Assignment 2: Log structured file system

Deadline: Sunday 19th April 23:59

Logistics

Goal

Understand and implement zero cost snapshots in a copy on write log structured file system using FUSE.

Simplifications

FUSE

FUSE

FUSE is a way to write a new file system in user space. All calls made by processes using the new file system go in the kernel and are forwarded into a user program. Of course the user program does not have direct access to disk drive blocks so the way FUSE file systems work is by storing their data in a normal file (provided by a regular kernel driver) or on a network server. This makes developing new file systems very fast. FUSE is available on Linux and Mac or you can install a Linux VM if you are on Windows. You do not need admin rights as you are not making any change in the kernel. FUSE API is available for many languages: C/C++, Java, Python etc. Find a FUSE tutorial for the language you are most comfortable with. Here are some useful resources.

Required Interface

Your FUSE client lfs_fuse will be executed like this:

$ lfs_fuse -s -d <lfs_mount_dir> <lfs_filename>

-s signifies single-threaded operation, -d is debug foreground mode. lfs_mount_dir is an empty directory where your file system will become visible. These three options will be passed on to FUSE library. lfs_filename is the single file inside which you are storing the complete log using regular file I/O.

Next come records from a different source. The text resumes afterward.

Lemma recolour_pair_colouring u x : u \in H -> alone c u -> x :&: u = set0 ->
  pair_colouring (recolour c x (c u)).
Proof.
move=> Hu au dxu z Hz; rewrite /recolour; case: (eqVneq z x) => [->|zx].
  exists u; first by right.
  move=> g Hg; case: eqVneq => [->|_ /(aloneP au Hg) ->]; by [left | right].
case: (eqVneq z u) => [->|zu].
  exists x; first by right; rewrite setIC.
  move=> g Hg; case: eqVneq => [->|_ /(aloneP au Hg) ->]; by [right | left].
have [w hw hcls] := pc Hz; exists w => // g Hg.
case: eqVneq => [_ cz|_]; last exact: hcls.
by rewrite (aloneP au Hz (esym cz)) eqxx in zu.
Qed.

Lemma merge_lonely u1 u2 : u1 \in H -> u2 \in H -> alone c u1 -> alone c u2 ->
  u1 != u2 -> u1 :&: u2 = set0 ->
  exists2 c', pair_colouring c' & #|c' @: H| < #|c @: H|.
Proof.
move=> H1 H2 a1 a2 u12 d12; exists (recolour c u2 (c u1)).
  by apply: recolour_pair_colouring; rewrite // setIC.
apply: (card_imset_lt H2) => g Hg; rewrite /recolour.
case: eqVneq => [_|gu2]; rewrite imset_f //=.
  by apply: contra u12 => /eqP/(aloneP a2 H1) ->.
by apply: contra gu2 => /eqP/(aloneP a2 Hg) ->.
Qed.

Lemma transfer u x y : u \in H -> x \in H -> y \in H -> alone c u ->
  x != y -> c x = c y -> x :&: u = set0 ->
  [/\ pair_colouring (recolour c x (c u)),
       #|recolour c x (c u) @: H| <= #|c @: H|,
       alone (recolour c x (c u)) y
     & forall v, v \in H -> alone c v -> v != u -> alone (recolour c x (c u)) v].
Proof.
move=> Hu Hx Hy au xy cxy dxu; split; first exact: recolour_pair_colouring.
- apply/subset_leq_card/subsetP => _ /imsetP [g Hg ->].
  by rewrite /recolour; case: eqVneq => _; rewrite imset_f.
- have cyu : c y != c u.
    by apply: contra xy => /eqP cyu; rewrite (aloneP au Hx (etrans cxy cyu)) (aloneP au Hy cyu).
  have yx : y != x by rewrite eq_sym.
  apply: aloneI => g Hg; rewrite /recolour (negbTE yx).
  case: eqVneq => [_ cuy|gx cg]; first by rewrite cuy eqxx in cyu.
  by have [gx'|//] := pc_two Hx Hy Hg xy cxy (etrans cg (esym cxy)); rewrite gx' eqxx in gx.
- move=> v Hv av vu; have vx : v != x.
    by apply: contra xy => /eqP vx; rewrite (aloneP av Hy _) -?vx // -cxy vx.
  apply: aloneI => g Hg; rewrite /recolour (negbTE vx).
  case: eqVneq => [_ cuv|_]; last exact: aloneP av Hg.
  by rewrite (aloneP av Hu cuv) eqxx in vu.
Qed.

End Recolour.

(* Augmenting configuration: lone edges u1 != u2 and a class {x, y} with x
   missing u1 and y missing u2.  Transferring x to u1 makes y lone, and y can
   then merge with u2, saving a colour. *)
Lemma augment c u1 u2 x y : hypergraph H -> pair_colouring c ->
  u1 \in H -> u2 \in H -> x \in H -> y \in H ->
  alone c u1 -> alone c u2 -> u1 != u2 -> x != y -> c x = c y ->
  x :&: u1 = set0 -> y :&: u2 = set0 ->
  exists2 c', pair_colouring c' & #|c' @: H| < #|c @: H|.
Proof.
move=> hg pc H1 H2 Hx Hy a1 a2 u12 xy cxy dx dy.
have [pc' le_c' ay a'] := transfer pc H1 Hx Hy a1 xy cxy dx.
have yu2 : y != u2 by apply/eqP => yu2; move: (hg y Hy); rewrite -dy yu2 setIid eqxx.
have a2' : alone (recolour c x (c u1)) u2 by apply: a' => //; rewrite eq_sym.
have [c'' pc'' lt_c''] := merge_lonely pc' Hy H2 ay a2' yu2 dy.
by exists c'' => //; apply: leq_trans le_c'.
Qed.

Definition far e f : {set {set T}} :=
  [set g in H | [&& g != e, g != f & (g :&: e == set0) || (g :&: f == set0)]].

(* Every edge other than e, f meets both (so lies in N(e) /\ N(f)) or is far. *)
Lemma card_le_common_far e f : e \in H -> f \in H ->
  #|H| <= #|nbhd H e :&: nbhd H f| + #|far e f| + 2.
Proof.
move=> He Hf; have cover : H \subset (nbhd H e :&: nbhd H f) :|: far e f :|: [set e; f].
  apply/subsetP => g Hg; rewrite /nbhd !inE Hg /=.
  by case: (g == e); case: (g == f); case: (g :&: e == set0); case: (g :&: f == set0).
apply: leq_trans (subset_leq_card cover) _; apply: leq_trans (leq_card_setU _ _) _.
by apply: leq_add; [exact: leq_card_setU | rewrite cards2; case: (e != f)].
Qed.

Section LocallyOptimal.

Variable c : {set T} -> C.
Hypothesis pc : pair_colouring c.
Hypothesis lonely_meet : forall u1 u2, u1 \in H -> u2 \in H ->
  alone c u1 -> alone c u2 -> u1 != u2 -> u1 :&: u2 != set0.
Hypothesis no_augment : forall u1 u2 x y, u1 \in H -> u2 \in H -> x \in H -> y \in H ->
  alone c u1 -> alone c u2 -> u1 != u2 -> x != y -> c x = c y ->
  x :&: u1 = set0 -> y :&: u2 != set0.

Definition lonely : {set {set T}} := [set u in H | alone c u].
Definition paired : {set {set T}} := [set g in H | ~~ alone c g].

Definition pointed_by u (k : C) : bool :=
  [exists x in H, exists y in H,
    [&& x != y, c x == k, c y == k, x :&: u == set0 & y :&: u == set0]].

Definition pointed u : bool := [exists k, pointed_by u k].

Lemma card_lonely_paired : #|lonely| + #|paired| = #|H|.
Proof.
rewrite -(cardsID [set u | alone c u] H).
by congr (_ + _); apply: eq_card => u; rewrite !inE // andbC.
Qed.

Lemma card_paired_colours : 2 * #|c @: paired| <= #|paired|.
Proof.
apply: card_imset_paired => g; rewrite inE => /andP[Hg].
rewrite negb_forall_in => /exists_inP [g' Hg']; rewrite negb_imply => /andP[cg' g'g].
exists g' => //; last by rewrite g'g cg'.
rewrite inE Hg'; apply: contra g'g => ag'.
by rewrite (aloneP ag' Hg (esym (eqP cg'))).
Qed.

Lemma card_colours_le : #|c @: H| <= #|lonely| + #|c @: paired|.
Proof.
have -> : H = lonely :|: paired.
  by apply/setP => g; rewrite !inE -andb_orr orbN andbT.
rewrite imsetU; apply: leq_trans (leq_card_setU _ _) _.
by rewrite leq_add2r leq_imset_card.
Qed.

Lemma pointedI u x y : x \in H -> y \in H -> x != y -> c x = c y ->
  x :&: u = set0 -> y :&: u = set0 -> pointed u.
Proof.
move=> Hx Hy xy cxy dx dy; apply/existsP; exists (c x).
by apply/exists_inP; exists x => //; apply/exists_inP; exists y; rewrite // xy cxy dx dy !eqxx.
Qed.

Lemma pointed_by_paired u k : pointed_by u k -> k \in c @: paired.
Proof.
move=> /exists_inP [x Hx /exists_inP [y Hy /and5P [xy /eqP cx /eqP cy _ _]]].
rewrite -cx imset_f // inE Hx; apply: contra xy => ax.
by rewrite (aloneP ax Hy (etrans cy (esym cx))).
Qed.

(* Without augmenting configurations, a class points at most one lone edge. *)
Lemma pointed_by_unique u1 u2 k : u1 \in lonely -> u2 \in lonely ->
  pointed_by u1 k -> pointed_by u2 k -> u1 = u2.
Proof.
rewrite !inE => /andP[H1 a1] /andP[H2 a2].
move=> /exists_inP [x Hx /exists_inP [y Hy /and5P [xy /eqP cx /eqP cy /eqP dx /eqP dy]]].
move=> /exists_inP [z Hz /exists_inP [_ _ /and5P [_ /eqP cz _ /eqP dz _]]].
case: (eqVneq u1 u2) => // u12; exfalso.
have [zx|zy] := pc_two pc Hx Hy Hz xy (etrans cx (esym cy)) (etrans cz (esym cx)).
- have yx : y != x by rewrite eq_sym.
  by move: (no_augment H1 H2 Hy Hx a1 a2 u12 yx (etrans cy (esym cx)) dy); rewrite -zx dz eqxx.
- by move: (no_augment H1 H2 Hx Hy a1 a2 u12 xy (etrans cx (esym cy)) dx); rewrite -zy dz eqxx.
Qed.

Lemma card_pointed_le : #|[set u in lonely | pointed u]| <= #|c @: paired|.
Proof.
apply: (@card_le_unique_witness _ _ _ _ pointed_by).
  move=> u; rewrite inE => /andP[_ /existsP [k pk]].
  by exists k => //; exact: pointed_by_paired pk.
by move=> u1 u2 k /setIdP[l1 _] /setIdP[l2 _]; exact: pointed_by_unique.
Qed.

(* For unpointed lone edges e != f, the far edges are paired and get pairwise
   distinct colours: two far edges of one class would point e or f, or form an
   augmenting configuration. *)
Lemma card_far_le e f : e \in lonely -> f \in lonely -> e != f ->
  ~~ pointed e -> ~~ pointed f -> #|far e f| <= #|c @: paired|.
Proof.
rewrite !inE => /andP[He ae] /andP[Hf af] ef npe npf.
have far_paired : far e f \subset paired.
  apply/subsetP => g; rewrite !inE => /and4P[Hg ge gf dg]; rewrite Hg /=.
  apply/negP => ag; case/orP: dg => /eqP dg.
    by move: (lonely_meet Hg He ag ae ge); rewrite dg eqxx.
  by move: (lonely_meet Hg Hf ag af gf); rewrite dg eqxx.
have far_inj : {in far e f &, injective c}.
  move=> g g'; rewrite !inE => /and4P[Hg _ _ dg] /and4P[Hg' _ _ dg'] cgg'.
  case: (eqVneq g g') => // gg'; exfalso.
  case/orP: dg => /eqP dg; case/orP: dg' => /eqP dg'.
  - by move/negP: npe; apply; exact: pointedI Hg Hg' gg' cgg' dg dg'.
  - by move: (no_augment He Hf Hg Hg' ae af ef gg' cgg' dg); rewrite dg' eqxx.
  - have fe : f != e by rewrite eq_sym.
    by move: (no_augment Hf He Hg Hg' af ae fe gg' cgg' dg); rewrite dg' eqxx.
  - by move/negP: npf; apply; exact: pointedI Hg Hg' gg' cgg' dg dg'.
by rewrite -(card_in_imset far_inj); apply/subset_leq_card/imsetS.
Qed.

Section Partition.

Variables A B : {set {set T}}.
Hypothesis cover_AB : A :|: B = H.
Hypothesis disjoint_AB : A :&: B = set0.
Hypothesis few_edges : 4 * (#|A| + #|B|) <= 4 * #|T| + #|A|.

Definition free : {set {set T}} := (lonely :&: A) :\: [set u | pointed u].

If lfs_filename does not exist, create a blank file system. Once lfs_fuse is running, the contents of our file system will be visible in lfs_mount_dir.

Reading and Writing Files

Design an inode based file system with a 1KB block size in a log i.e. you will always append to the log file and never change an existing block except the very first block which will the be superblock containing information about which blocks contain the latest inode table. You do not need two superblocks as done in the paper.

Its a good idea to implement readBlock and writeBlock methods that take a block number as argument. And similarly readInode and writeInode methods which read a given entry from a given inode number using a given superblock.

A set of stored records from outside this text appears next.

(* Let $P(x)=\sum_{i=0}^n p_i x^i\in\mathbb{R}[x]$ be a polynomial of degree $n\ge 2$ that is not identically zero. For a point $m\in\mathbb{R}$, a real $\epsilon>0$ and a positive integer $N$, write $m[\epsilon;N]:=\{m+i\epsilon : i=-\lceil N/2\rceil,\dots,\lceil N/2\rceil\}$. Let $\mathbf{m}:=m[\epsilon;n]$ and $\mathbf{M}:=m[\epsilon/2^{\lambda};2^{\lambda}n]$, where $\lambda\ge 2$ is an integer with $\lambda=O(\log n)$. Consider the following randomized procedure: for $\rho=63,127,255,\dots$ (i.e. $\rho_{j+1}=2\rho_j+1$), pick a point $m_j\in\mathbf{M}$ uniformly at random (independently in each iteration), compute (by interval arithmetic) an approximation $\tilde v_j$ of $v_j=P(m_j)$ with $|\tilde v_j-v_j|<2^{-\rho}$, and if $|\tilde v_j|>2^{-\rho+2}$, return $m':=m_j$ (otherwise continue with the next $\rho$). Then, for every integer $k\ge 1$, with probability at least $1-2^{-k(\lambda-1)}$ the procedure returns a point $m'\in\mathbf{M}$ with $P(m')\neq 0$ and $$\log\max\bigl(1,|P(m')|^{-1}\bigr)=2^k\cdot O\Bigl(n\log n+\log\max\bigl(1,(\max_{m_i\in\mathbf{m}}|P(m_i)|)^{-1}\bigr)\Bigr),$$ where the implied constant depends only on the implied constant in $\lambda=O(\log n)$ (logarithms are to base 2).
   Context: The returned point is called a pseudo-admissible point. The point of the statement is a bound on $-\log|P(m')|$ (equivalently on the working precision $\rho$ at termination) that holds with high probability over the random choices of the procedure. *)

From HB Require Import structures.
From mathcomp Require Import all_boot all_order all_algebra.
From mathcomp Require Import all_classical all_reals.
From mathcomp Require Import ereal sequences exp.
Set Implicit Arguments. Unset Strict Implicit. Unset Printing Implicit Defensive.
Import Order.TTheory GRing.Theory Num.Theory.
Local Open Scope ring_scope.

Definition log2 {R : realType} (x : R) : R := ln x / ln 2.

(* The grid m[eps; N] = { m + i eps : i = -ceil(N/2), ..., ceil(N/2) },
   indexed by i' : 'I_(2*ceil(N/2)+1), with i = i' - ceil(N/2).
   Note uphalf N = ceil(N/2). *)
Definition grid {R : realType} (m eps : R) (N : nat)
  (i : 'I_(2 * uphalf N).+1) : R :=
  m + ((i : nat)%:R - (uphalf N)%:R) * eps.

(* precision in iteration j (j = 0, 1, ...): 63, 127, 255, ...
   i.e. rho_0 = 63 and rho_{j+1} = 2 rho_j + 1. *)
Definition rho (j : nat) : nat := (2 ^ (j + 6)).-1.

(* acceptance test in iteration j at point x, using approximation oracle
   approx (approx r x approximates P(x) to absolute error < 2^-r) *)
Definition accepts {R : realType} (approx : nat -> R -> R) (j : nat) (x : R)
  : bool :=
  2 ^+ 2 / 2 ^+ rho j < `|approx (rho j) x|.

(* Outcome of the first j+1 random choices s (indices into the grid pt of
   size L): the procedure stops exactly at iteration j (rejects in all
   earlier iterations, accepts at iteration j) and the returned point
   satisfies good. *)
Definition stops_good {R : realType} (approx : nat -> R -> R)
  (good : R -> bool) (L : nat) (pt : 'I_L -> R) (j : nat)
  (s : {ffun 'I_j.+1 -> 'I_L}) : bool :=
  [&& accepts approx j (pt (s ord_max)), good (pt (s ord_max)) &
      [forall i : 'I_j.+1, ((i : nat) < j)%N ==> ~~ accepts approx i (pt (s i))]].

(* Probability (choices uniform and independent over the L grid points) that
   the procedure returns a point satisfying good: the (extended-real) sum over
   j of the probabilities of the disjoint cylinder events "stops at iteration j
   with a good point". *)
Definition success_prob {R : realType} (approx : nat -> R -> R)
  (good : R -> bool) (L : nat) (pt : 'I_L -> R) : \bar R :=
  (\sum_(0 <= j <oo)
     ((#|[set s : {ffun 'I_j.+1 -> 'I_L} | stops_good approx good pt s]|)%:R
       / (L ^ j.+1)%:R : R)%:E)%E.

You are not required to support creating new directories. However the root directory with a fixed inode number should be stored as a regular file containing filename and inode number pairs. It might be a good idea to have a hard-coded directory at first (e.g. file1->inode1, file2->inode2, file3->inode3) and when you can successfully read/write these files, then implement creating and deleting files.

You should support a 1000 files at least (i.e. 1000 inodes). Maximum file size supported should be at least 30 KB. A block number should be at least a 4 byte integer. Evaluate if you need indirect pointers in i-node. You are allowed to overwrite the superblock after every write (even though this defeats the whole purpose of avoiding seeks). The numbers in this paragraph are minimum requirements to simplify your task. You are welcome to support larger and more files and periodic superblock update instead of immediate.

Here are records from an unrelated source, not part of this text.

(* Let $T>0$, let $V>0$ and $R\ge 2V$ be constants, and let $H:[0,T]\times\mathbb R^{D_{L-1}}\times\mathbb R^{D_L}\to\mathbb R^{D_{L-1}}$ be continuous and such that: (1) $|H|\le V$ everywhere; (2) for each fixed $t\in[0,T]$ and $a^{(L-1)}\in\mathbb R^{D_{L-1}}$, the map $a^{(L)}\mapsto H(t,a^{(L-1)},a^{(L)})$ is $Ve^{Rt}$-Lipschitz; (3) for each fixed $t\in[0,T]$ and $a^{(L)}\in\mathbb R^{D_L}$, the map $a^{(L-1)}\mapsto H(t,a^{(L-1)},a^{(L)})$ is $V$-Lipschitz. For $a=(a^{(L-1)},a^{(L)})$ let $G(a)\in C([0,T],\mathbb R^{D_{L-1}})$ be the solution of $x(0)=a^{(L-1)}$, $x'(t)=H(t,x(t),a^{(L)})$, $t\in[0,T]$. Then $G$ is an $R$-special function.
   Context: Here $D_{L-1},D_L\ge1$ are integers. A map $F:\mathbb R^{D_{L-1}}\times\mathbb R^{D_L}\to C([0,T],\mathbb R^{D_{L-1}})$ is $R$-special if (1) for each $a=(a^{(L-1)},a^{(L)})$, $t\mapsto F(a)(t)$ is $R$-Lipschitz and $F(a)(0)=a^{(L-1)}$; and (2) for each $t\in[0,T]$, the map $a\mapsto F(a)(t)$ is $e^{Rt}$-Lipschitz (Euclidean norms). *)

From HB Require Import structures.
From mathcomp Require Import all_boot all_order all_algebra.
From mathcomp Require Import all_classical all_reals all_analysis.
Set Implicit Arguments. Unset Strict Implicit. Unset Printing Implicit Defensive.
Import Order.TTheory GRing.Theory Num.Theory.
Import numFieldNormedType.Exports.
Local Open Scope ring_scope.
Local Open Scope classical_set_scope.

Definition enorm {K : realType} {n : nat} (v : 'rV[K]_n) : K :=
  Num.sqrt (\sum_(i < n) (v ord0 i) ^+ 2).

Definition enorm2 {K : realType} {n m : nat} (a : 'rV[K]_n * 'rV[K]_m) : K :=
  Num.sqrt (\sum_(i < n) (a.1 ord0 i) ^+ 2 + \sum_(j < m) (a.2 ord0 j) ^+ 2).

Definition Icc0 {K : realType} (T : K) : set K := [set t | 0 <= t <= T].

Definition is_solution {K : realType} {n m : nat} (T : K)
  (H : K -> 'rV[K]_n -> 'rV[K]_m -> 'rV[K]_n)
  (a1 : 'rV[K]_n) (a2 : 'rV[K]_m) (x : K -> 'rV[K]_n) : Prop :=
  x 0 = a1 /\
  {within Icc0 T, continuous x} /\
  (forall t, 0 < t < T -> is_derive t 1 x (H t (x t) a2)).

(* R-special maps (F given as a curried function of a = (a1,a2), values
   considered on [0,T]). *)
Definition R_special {K : realType} {n m : nat} (T Rc : K)
  (F : 'rV[K]_n -> 'rV[K]_m -> K -> 'rV[K]_n) : Prop :=
  (forall a1 a2,
      F a1 a2 0 = a1 /\
      (forall s t, s \in Icc0 T -> t \in Icc0 T ->
         enorm (F a1 a2 s - F a1 a2 t) <= Rc * `|s - t|)) /\
  (forall t, t \in Icc0 T -> forall a1 a2 b1 b2,
      enorm (F a1 a2 t - F b1 b2 t) <= expR (Rc * t) * enorm2 (a1 - b1, a2 - b2)).

From HB Require Import structures.
From mathcomp Require Import all_boot all_order all_algebra.
From mathcomp Require Import all_classical all_reals all_analysis.
From mathcomp Require Import ring lra.
Set Implicit Arguments.
Unset Strict Implicit.
Unset Printing Implicit Defensive.

Import Order.TTheory GRing.Theory Num.Theory.
Import numFieldNormedType.Exports.
Local Open Scope ring_scope.
Local Open Scope classical_set_scope.

(* Both estimates come from one comparison principle. Replace |w| by the smooth
   function sqrt(|w|^2 + eps^2), whose derivative along w is at most |w'| by
   Cauchy-Schwarz. If |w'(r)| <= L |w(r)| + e^(L r) psi'(r), then
   e^(-L r) sqrt(|w(r)|^2 + eps^2) - psi(r) is nonincreasing, and letting
   eps -> 0 compares e^(-L r) |w(r)| - psi(r) at the two endpoints.
   With L = 0 and psi(r) = V r this bounds the speed of a solution by V <= R.
   For the difference of the solutions from a and b, hypotheses (2) and (3)
   give L = V and psi(r) = |a2 - b2| e^((R - V) r), which is admissible since
   R - V >= V, whence
     |x(t) - y(t)| <= e^(V t) |a1 - b1| + (e^(R t) - e^(V t)) |a2 - b2|
                   <= e^(R t) |(a1 - b1, a2 - b2)|. *)

Section EuclideanNorm.
Context {K : realType} {n : nat}.
Implicit Types u v : 'rV[K]_n.

Definition sqnorm u := \sum_(i < n) u ord0 i ^+ 2.
Definition dotr u v := \sum_(i < n) u ord0 i * v ord0 i.

Lemma sqnorm_ge0 u : 0 <= sqnorm u.
Proof. by apply: sumr_ge0 => i _; rewrite sqr_ge0. Qed.

Lemma enorm_ge0 u : 0 <= enorm u.
Proof. exact: sqrtr_ge0. Qed.

Lemma sqr_enorm u : enorm u ^+ 2 = sqnorm u.
Proof. by rewrite sqr_sqrtr // sqnorm_ge0. Qed.

Lemma sqnorm0 : sqnorm 0 = 0.
Proof. by apply: big1 => i _; rewrite mxE expr0n. Qed.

Your program should work for a normal workflow i.e. copying files to and from, editing directly with an editor, listing directory entries etc. Start putting an error message in all FUSE event handlers and when you run your file system you will know which events are called when you do these actions.

Checkpoints

Read this once you are done with the above section.

There should be a read-only directory checkpoints in the root folder. Inside it there should be a directory for every checkpoint taken so far and a single file named checkpoint. Reading from the special checkpoint file creates a new checkpoint. This is the easiest to implement since the call will come back in the same user program that is implementing the whole file system. You will have a special check for this filename and create a new checkpoint and send back the checkpoint number.

If an empty file system is mounted at /tmp/lfs, then this is how you create a new checkpoint:

$ ls -a /tmp/lfs
.       ..      checkpoints
$ ls -a /tmp/lfs/checkpoints
.       ..      checkpoint
$ cat /tmp/lfs/checkpoints/checkpoint
15
$ ls -a /tmp/lfs/checkpoints
.       ..      checkpoint      15
$ ls -a /tmp/lfs/checkpoints/15
.       ..

To create a new checkpoint, you take the current superblock and write it as a new data block at the end of the log and return its block number to the user. You also need to store this in the file system so all previous checkpoints can be shown in the checkpoints special folder. One way to do this is to write the block number of last checkpoint in the super block. This way, all checkpoints will be chained together. Creating a checkpoint should take exactly 1KB i.e. one additional block.

When readdir is called on the checkpoints directory you follow this chain and show all checkpoint block numbers as directories in addition to the special file checkpoint. When a read request comes for a file with a path name starting with /checkpoints/X consider X the block number of a checkpoint and lookup the remaining path in the usual manner but using the checkpoint block instead of the superblock. Once you have the alternate checkpoint block, you should be able to use the same code as for regular reads. Writes to files in old checkpoints should not be allowed.